Он пробовал записывать данные для того, чтобы больше не хранить их в памяти, но это тоже не дало результата. Тогда он начал выбрасывать и даже сжигать листки бумаги, на которых было записано то, что он хотел забыть, но и тогда он продолжал помнить.

«Однажды вечером — это было 2-го апреля — я чувствовал себя страшно утомленным, я дал три сеанса и не представлял себе, как я справлюсь с четвертым. Я мог видеть перед собой таблицы чисел из первых трех сеансов... Я решил взглянуть, там ли еще первая таблица. Я как-то побаивался, что ее не будет. Я одновременно и хотел и не хотел, чтобы она появилась... И тогда я подумал: если первая таблица чисел сейчас не появится, тогда ясно, что это потому, что я не хочу, чтобы она появилась. Ага! Значит, если я не захочу, чтобы таблица появились, она и не появится. Так трудно мне было осознать это!»

Говоря о С.В. Шерешевском, нельзя ограничиться только его памятью. Самое интересное в том, как его фантастическая память влияла на его мышление, его поведение и на его личность в целом. Я исследовал его в течение длительного времени, и мне стали очевидными и сильные стороны его умственных способностей и накладываемые ими ограничения. Его сильной стороной было умение пользоваться яркими зрительными образами. Если он мог представить в своем воображении все условие задачи, он решал ее гораздо лучше и быстрее, чем люди с нормальной памятью. Он глубже, чем большинство людей, увлекался, слушая рассказ, и никогда не пропускал ни единой детали, причем часто обнаруживал противоречия, не замеченные самими писателями. Его решения загадок были высокоэстетичны.

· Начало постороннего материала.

(* For every multi-type resource allocation problem and every profile $R$ of strict linear orders over bundles, the assignment $\mathrm{MPS}(R)$ is lexi-efficient.
   Context: Setting: $N=\{1,\dots,n\}$ agents; $M=D_1\cup\dots\cup D_p$ items with pairwise disjoint types, $|D_i|=n$, unit supply; bundles $\mathcal D=D_1\times\dots\times D_p$; each agent $j$ has a strict linear order $\succ_j$ on $\mathcal D$. An assignment is an $n\times|\mathcal D|$ matrix $(p_{j,x})$ with entries in $[0,1]$, rows summing to $1$, and $\sum_j\sum_{x\ni o}p_{j,x}=1$ for every item $o$. Lexicographic dominance: allocation $p$ lexicographically dominates $q$ w.r.t. $\succ$ if there is a bundle $x$ with $p_x>q_x$ and $p_y\ge q_y$ for all $y\succ x$. $P$ is lexi-efficient if there is no assignment $Q$ such that $Q_j$ lexicographically dominates $P_j$ w.r.t. $\succ_j$ for every agent $j$. MPS (multi-type probabilistic serial): items start with supply $1$. A bundle is available if all its items have positive remaining supply. Continuously in time, each agent eats her $\succ_j$-most-preferred available bundle at rate $1$, which means each item of that bundle is consumed at rate $1$ by her and $p_{j,x}$ grows at rate $1$; when an item's supply reaches $0$, it is exhausted and every bundle containing it becomes unavailable, and agents switch to their next most preferred available bundle. The process ends when all items are exhausted (at time $1$); the accumulated matrix $(p_{j,x})$ is $\mathrm{MPS}(R)$. *)

From HB Require Import structures.
From mathcomp Require Import all_boot all_order all_algebra.
From mathcomp Require Import reals.
Set Implicit Arguments. Unset Strict Implicit. Unset Printing Implicit Defensive.
Import Order.TTheory GRing.Theory Num.Theory.
Local Open Scope ring_scope.

Section MPS.
Variables (R : realType) (n p : nat).

(* agents are 'I_n; types are 'I_p; type D_i consists of the n items (i, k),
   k : 'I_n; items of different types are distinct by construction. *)
Definition item := ('I_p * 'I_n)%type.
(* a bundle picks one item of each type: x i is the index of its item of type i *)
Definition bundle := {ffun 'I_p -> 'I_n}.
Definition in_bundle (o : item) (x : bundle) : bool := x o.1 == o.2.

Definition assignment := 'I_n -> bundle -> R.

Definition is_assignment (P : assignment) : Prop :=
  [/\ (forall j x, 0 <= P j x <= 1),
      (forall j, \sum_(x : bundle) P j x = 1) &
      (forall o : item, \sum_(j < n) \sum_(x : bundle | in_bundle o x) P j x = 1)].

(* succ x y  means  x is strictly preferred to y *)
Definition strict_linear_order (T : finType) (succ : rel T) : Prop :=
  [/\ irreflexive succ, transitive succ & forall x y, x != y -> succ x y || succ y x].

Definition lexi_dominates (succ : rel bundle) (pa qa : bundle -> R) : Prop :=
  exists x, qa x < pa x /\ forall y, succ y x -> qa y <= pa y.

Definition lexi_efficient (succ : 'I_n -> rel bundle) (P : assignment) : Prop :=
  ~ exists Q : assignment, is_assignment Q /\
      forall j, lexi_dominates (succ j) (Q j) (P j).

Variable succ : 'I_n -> rel bundle.

Definition available (s : item -> R) (x : bundle) : bool :=
  [forall i, 0 < s (i, x i)].

Definition choice (s : item -> R) (j : 'I_n) : option bundle :=
  [pick x | available s x &&
            [forall y, (available s y && (y != x)) ==> succ j x y]].

Definition rate (s : item -> R) (o : item) : nat :=
  count (fun j => if choice s j is Some x then in_bundle o x else false)
        (enum 'I_n).

(* length of the current phase: time until the next item is exhausted *)
Definition phase_length (s : item -> R) : R :=
  let ratios := [seq s o / (rate s o)%:R | o <- enum {: item} & (0 < rate s o)%N] in
  if ratios is r :: rs then foldr Num.min r rs else 0.

Definition mps_step (st : (item -> R) * assignment) : (item -> R) * assignment :=
  let: (s, P) := st in
  let d := phase_length s in
  ((fun o => s o - (rate s o)%:R * d),
   (fun j x => P j x + (if choice s j == Some x then d else 0))).

(* Each productive phase exhausts at least one item, so after #items = n*p
   phases all items are exhausted; further phases are no-ops. *)
Definition MPS : assignment :=
  (iter (n * p).+1 mps_step ((fun _ => 1), (fun _ _ => 0))).2.

End MPS.

From HB Require Import structures.
From mathcomp Require Import all_boot all_order all_algebra.
From mathcomp Require Import reals ring.
Set Implicit Arguments. Unset Strict Implicit. Unset Printing Implicit Defensive.
Import Order.TTheory GRing.Theory Num.Theory.
Local Open Scope ring_scope.

(* Suppose an assignment Q lexicographically dominates MPS(R) for every
   agent k, with witness bundle x k: Q gives agent k strictly more of x k
   and at least as much of every bundle she prefers to x k.  Run MPS up to
   the first phase T at which some witness bundle x k0 becomes unavailable;
   some item o of x k0 is then exhausted.  Before T every agent k eats only
   bundles she weakly prefers to x k (x k is still available), so the whole
   unit of o is consumed by such bundles, and MPS gives at least total mass
   1 on the "upper contours" {(k, y) | o in y, y weakly preferred to x k}.
   But domination forces Q to put strictly more than MPS on these pairs,
   i.e. more than the unit supply of o: a contradiction. *)

Lemma ltr_sum_one_strict (R : numDomainType) (I : finType) (P : pred I)
    (F G : I -> R) (i0 : I) :
  (forall i, P i -> F i <= G i) -> P i0 -> F i0 < G i0 ->
  \sum_(i | P i) F i < \sum_(i | P i) G i.
Proof.
move=> FleG Pi0 Flt; rewrite (bigD1 i0) //= [ltRHS](bigD1 i0) //=.
by apply: ltr_leD => //; apply: ler_sum => i /andP[Pi _]; apply: FleG.
Qed.

Lemma foldr_min_mem (R : numDomainType) (r : R) (rs : seq R) :
  foldr Num.min r rs \in r :: rs.
Proof.
elim: rs r => [|a rs IH] r /=; first by rewrite inE.
rewrite /Num.min; case: ifP => _; first by rewrite !inE eqxx orbT.
by move: (IH r); rewrite !inE => /orP[->|->]; rewrite ?orbT.
Qed.

Section UpperContour.
Variables (R : realType) (n p : nat) (succ : 'I_n -> rel (bundle n p)).

Definition weakly_prefers (k : 'I_n) (y x : bundle n p) : bool :=
  (y == x) || succ k y x.

(* If Q dominates P agent by agent with witnesses x, then for any item o of a
   witness bundle, P puts total mass < 1 on the pairs (k, y) with o in y and
   y weakly preferred by k to x k: Q puts strictly more there, and Q gives at
   most the unit supply of o to those pairs. *)
Lemma upper_contour_mass_lt1 (P Q : assignment R n p) (x : 'I_n -> bundle n p)
    (k0 : 'I_n) (o : item n p) :
  is_assignment Q ->
  (forall k, P k (x k) < Q k (x k)) ->
  (forall k y, succ k y (x k) -> P k y <= Q k y) ->
  in_bundle o (x k0) ->
  \sum_(k < n) \sum_(y | in_bundle o y && weakly_prefers k y (x k)) P k y < 1.
Proof.
move=> [Q01 _ Qcol] Pltx PleQ ox0.
have PleQ_contour k y :
    in_bundle o y && weakly_prefers k y (x k) -> P k y <= Q k y.
  by case/andP=> _ /orP[/eqP -> | /PleQ //]; apply/ltW.
apply: (lt_le_trans (y := \sum_(k < n)
    \sum_(y | in_bundle o y && weakly_prefers k y (x k)) Q k y)).
  apply: (@ltr_sum_one_strict _ _ _ _ _ k0) => // [k _|].
    by apply: ler_sum => y; apply: PleQ_contour.
  apply: (@ltr_sum_one_strict _ _ _ _ _ (x k0)) => // [y|].
    exact: PleQ_contour.
  by rewrite ox0 /weakly_prefers eqxx.
rewrite -(Qcol o); apply: ler_sum => k _.
rewrite [leRHS](bigID (fun y => weakly_prefers k y (x k))) /= lerDl.
by apply: sumr_ge0 => y _; case/andP: (Q01 k y).
Qed.

End UpperContour.

Section MPSRun.
Variables (R : realType) (n p : nat) (succ : 'I_n -> rel (bundle n p)).

Local Notation item := (item n p).
Local Notation bundle := (bundle n p).

Lemma choiceP (s : item -> R) k y : choice succ s k = Some y ->
  available s y /\ forall z, available s z -> z != y -> succ k y z.
Proof.
rewrite /choice; case: pickP => // y' /andP[avy' /forallP best] [<-].
by split=> // z avz zy; move: (best z); rewrite avz zy.
Qed.

Lemma rate_pos (s : item -> R) o : (0 < rate succ s o)%N -> 0 < s o.
Proof.
rewrite /rate -has_count => /hasP[k _].
case E: (choice succ s k) => [x|] // ox.
have [/forallP avx _] := choiceP E.
by case: o ox => i io /eqP /= <-; apply: avx.
Qed.

Lemma rate_eaten (s : item -> R) o (d : R) : (rate succ s o)%:R * d =
  \sum_(k < n) \sum_(y | in_bundle o y)
     (if choice succ s k == Some y then d else 0).
Proof.
rewrite /rate -sum1_count big_enum_cond natr_sum mulr_suml big_mkcond /=.
apply: eq_bigr => k _; case E: (choice succ s k) => [x|] /=; last first.
  by rewrite big1.
have other y : y != x -> (Some x == Some y) = false.
  by apply: contraNF => /eqP [->].
case ox: (in_bundle o x).
  rewrite mul1r (bigD1 x) //= eqxx big1 ?addr0 // => y /andP[_ yx].
  by rewrite other.
by rewrite big1 // => y oy; rewrite other //; apply: contraFneq ox => <-.
Qed.

Lemma phase_length_spec (s : item -> R) :
  (phase_length succ s = 0 /\ forall o, rate succ s o = 0%N) \/
  exists2 o, (0 < rate succ s o)%N &
             phase_length succ s = s o / (rate succ s o)%:R.
Proof.
rewrite /phase_length /=.
case E: [seq _ | _ <- _ & _] => [|r rs]; [left; split=> // o | right].
  apply/eqP; rewrite -leqn0 leqNgt; apply/negP => ro.
  suff : s o / (rate succ s o)%:R \in [::] by [].
  by rewrite -E; apply: map_f; rewrite mem_filter ro mem_enum.
have := foldr_min_mem r rs; rewrite -E.
by case/mapP=> o; rewrite mem_filter => /andP[ro _] ->; exists o.
Qed.

Definition mps_state (t : nat) : (item -> R) * assignment R n p :=
  iter t (mps_step succ) ((fun _ => 1), (fun _ _ => 0)).
Definition supply (t : nat) : item -> R := (mps_state t).1.
Definition phase (t : nat) : R := phase_length succ (supply t).
Definition eats (t : nat) (k : 'I_n) (y : bundle) : R :=
  if choice succ (supply t) k == Some y then phase t else 0.

Lemma phase_ge0 t : 0 <= phase t.
Proof.
case: (phase_length_spec (supply t)) => [[pl0 _] | [o ro pl]].
  by rewrite /phase pl0.
by rewrite /phase pl divr_ge0 // ltW // rate_pos.
Qed.

Lemma eats_ge0 t k y : 0 <= eats t k y.
Proof. by rewrite /eats; case: eqP => // _; apply: phase_ge0. Qed.

Lemma mps_stateS t : mps_state t.+1 =
  ((fun o => supply t o - (rate succ (supply t) o)%:R * phase t),
   (fun k y => (mps_state t).2 k y + eats t k y)).
Proof.
by rewrite /mps_state iterS /eats /phase /supply /mps_state; case: (iter _ _ _).
Qed.

Lemma supplyS t o :
  supply t.+1 o = supply t o - (rate succ (supply t) o)%:R * phase t.
Proof. by rewrite {1}/supply mps_stateS. Qed.

Lemma alloc_eats t k y : (mps_state t).2 k y = \sum_(u < t) eats u k y.
Proof.
elim: t => [|t IH]; first by rewrite big_ord0.
by rewrite big_ord_recr -IH mps_stateS.
Qed.

Lemma supply_spent t o :
  1 - supply t o = \sum_(u < t) (rate succ (supply u) o)%:R * phase u.
Proof.
elim: t => [|t IH]; first by rewrite big_ord0 subrr.
rewrite supplyS big_ord_recr /= -IH; ring.
Qed.

Lemma supply_antimono t1 t2 o : (t1 <= t2)%N -> supply t2 o <= supply t1 o.
Proof.
elim: t2 => [|t2 IH]; first by rewrite leqn0 => /eqP ->.
rewrite leq_eqVlt => /orP[/eqP -> // | /IH le12].
apply: le_trans le12; rewrite supplyS gerBl.
by rewrite mulr_ge0 ?phase_ge0.
Qed.

Lemma available_antimono t1 t2 x :
  (t1 <= t2)%N -> available (supply t2) x -> available (supply t1) x.
Proof.
move=> le12 /forallP avx; apply/forallP => i.
exact: lt_le_trans (avx i) (supply_antimono _ le12).
Qed.

(* Before the first time all of x k are still available, agent k only ate
   bundles she weakly prefers to x k; hence the consumed part of any item o
   is bounded by MPS's mass on the upper contours of the x k. *)
Lemma consumption_bound (x : 'I_n -> bundle) T o :
  (T <= (n * p).+1)%N ->
  (forall k u, (u < T)%N -> available (supply u) (x k)) ->
  1 - supply T o <=
  \sum_(k < n) \sum_(y | in_bundle o y && weakly_prefers succ k y (x k))
     MPS R succ k y.
Proof.
move=> leT avx; rewrite supply_spent.
under eq_bigr do rewrite rate_eaten.
rewrite exchange_big /=; apply: ler_sum => k _.
rewrite exchange_big /= (bigID (fun y => weakly_prefers succ k y (x k))) /=.
rewrite [X in _ + X]big1 ?addr0 => [|y /andP[_ not_pref]]; last first.
  apply: big1 => u _; case E: (choice succ (supply u) k) => [z|] //.
  case: eqP => // -[zy]; have [_ best] := choiceP E.
  move: not_pref; rewrite /weakly_prefers -zy.
  by case: eqVneq => //= xz; rewrite best ?avx // eq_sym.
apply: ler_sum => y _.
have -> : MPS R succ k y = \sum_(u < (n * p).+1) eats u k y := alloc_eats (n * p).+1 k y.
rewrite (big_ord_widen _ (fun u => eats u k y) leT).
rewrite [leRHS](bigID (fun u : 'I_(n * p).+1 => (u < T)%N)) /= lerDl.
by apply: sumr_ge0 => u _; apply: eats_ge0.
Qed.

Hypothesis hsucc : forall k, strict_linear_order (succ k).

Lemma choice_exists (s : item -> R) k x :
  available s x -> exists y, choice succ s k = Some y.
Proof.
move=> avx; rewrite /choice; case: pickP => [y _|none]; first by exists y.
have [irr trans total] := hsucc k.
pose above y := #|[pred z | available s z && succ k z y]|.
case: (arg_minnP above avx) => y avy ymin; exfalso.
move/negP: (none y); apply; rewrite avy; apply/forallP => z.
apply/implyP => /andP[avz zy]; case/orP: (total _ _ zy) => // zy'.
suff : (above z < above y)%N by rewrite ltnNge ymin.
apply: proper_card; apply/properP; split.
  by apply/subsetP => w; rewrite !inE => /andP[-> wz]; rewrite (trans _ _ _ wz zy').
by exists z; rewrite !inE ?avz ?zy' ?irr.
Qed.

Hypotheses (hn : (0 < n)%N) (hp : (0 < p)%N).

Lemma phase_exhausts t x : available (supply t) x ->
  exists o, 0 < supply t o /\ supply t.+1 o <= 0.
Proof.
move=> avx; have [y Ey] := choice_exists (Ordinal hn) avx.
have ry : (0 < rate succ (supply t) (Ordinal hp, y (Ordinal hp)))%N.
  rewrite /rate -has_count; apply/hasP; exists (Ordinal hn); rewrite ?mem_enum //.
  by rewrite Ey /in_bundle eqxx.
have [[_ rate0] | [o ro pl]] := phase_length_spec (supply t).
  by move: ry; rewrite rate0.
exists o; split; first exact: rate_pos.
by rewrite supplyS /phase pl mulrC divfK ?subrr // pnatr_eq0 -lt0n.
Qed.

Lemma mps_terminates x : ~~ available (supply (n * p).+1) x.
Proof.
apply/negP => avx.
pose exhausted t := [set o : item | supply t o <= 0].
have grows t : (t < (n * p).+1)%N -> (#|exhausted t| < #|exhausted t.+1|)%N.
  move=> lt_t; have [o [pos ex]] := phase_exhausts (available_antimono (ltnW lt_t) avx).
  apply: proper_card; apply/properP; split.
    by apply/subsetP => o'; rewrite !inE; apply: le_trans (supply_antimono _ (leqnSn t)).
  by exists o; rewrite !inE // -ltNge.
have count_lb t : (t <= (n * p).+1)%N -> (t <= #|exhausted t|)%N.
  by elim: t => // t IH lt_t; apply: leq_ltn_trans (IH (ltnW lt_t)) (grows t lt_t).
have := leq_trans (count_lb _ (leqnn _)) (max_card (mem (exhausted (n * p).+1))).
by rewrite card_prod !card_ord mulnC ltnn.
Qed.

Lemma first_exhaustion (x : 'I_n -> bundle) : exists T k0 (i : 'I_p),
  [/\ (T <= (n * p).+1)%N, supply T (i, x k0 i) <= 0 &
      forall k u, (u < T)%N -> available (supply u) (x k)].
Proof.
have gone_at_end : [exists k, ~~ available (supply (n * p).+1) (x k)].
  by apply/existsP; exists (Ordinal hn); apply: mps_terminates.
have ex : exists t, [exists k, ~~ available (supply t) (x k)].
  by exists (n * p).+1.
case: (ex_minnP ex) => T /existsP[k0 /forallPn[i i_out]].
move=> Tmin; exists T, k0, i; split; first exact: Tmin.
  by rewrite leNgt.
move=> k u ltuT; apply/negPn/negP => unav.
by have := Tmin u (introT existsP (ex_intro _ k unav)); rewrite leqNgt ltuT.
Qed.

End MPSRun.

Theorem theorem4 (R : realType) (n p : nat) (hn : (0 < n)%N) (hp : (0 < p)%N)
    (succ : 'I_n -> rel (bundle n p))
    (hsucc : forall j, strict_linear_order (succ j)) :
  lexi_efficient succ (MPS R succ).
Proof.
move=> [Q [Qassign Qdom]].
have [x xdom] := fin_all_exists Qdom.
have [T [k0 [i [leT exhausted avx]]]] := first_exhaustion R hsucc hn hp x.
have consumed := consumption_bound (i, x k0 i) leT avx.
have upper := upper_contour_mass_lt1 Qassign (fun k => (xdom k).1)
  (fun k => (xdom k).2) (eqxx (x k0 i) : in_bundle (i, x k0 i) (x k0)).
have := le_lt_trans consumed upper.
by rewrite ltrBlDl ltrDr ltNge exhausted.
Qed.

Однако его яркие образы, как визуальные, так и синестетические, одновременно создавали некоторые трудности, которых он не мог преодолеть. Например, когда он читал отрывок текста, буквально каждое слово вызывало какой-нибудь образ. По мере того как он продолжал чтение, возникало все большее количество образов, причем, если отрывок читался быстро, один образ сталкивался в его сознании с другим, образы нагромождались и искажали друг друга. И тогда задача для него заключалась в том, чтобы понять хоть что-нибудь. Если текст читался медленно, то это тоже ставило свои проблемы. Он пишет о себе:

«Я прочел фразу: «Н. прислонился к дереву». Я видел стройного молодого человека в темно-синем костюме (Н., знаете ли, так элегантен!), который стоял около большой липы, кругом была трава и лес... Но затем предложение продолжалось: «Я смотрел в витрину магазина». Ну, как вам это нравится! Значит, все происходит не в лесу и не в саду, и Н. стоит на улице. И я должен снова начинать все предложение сначала» (запись от марта 1937 г.).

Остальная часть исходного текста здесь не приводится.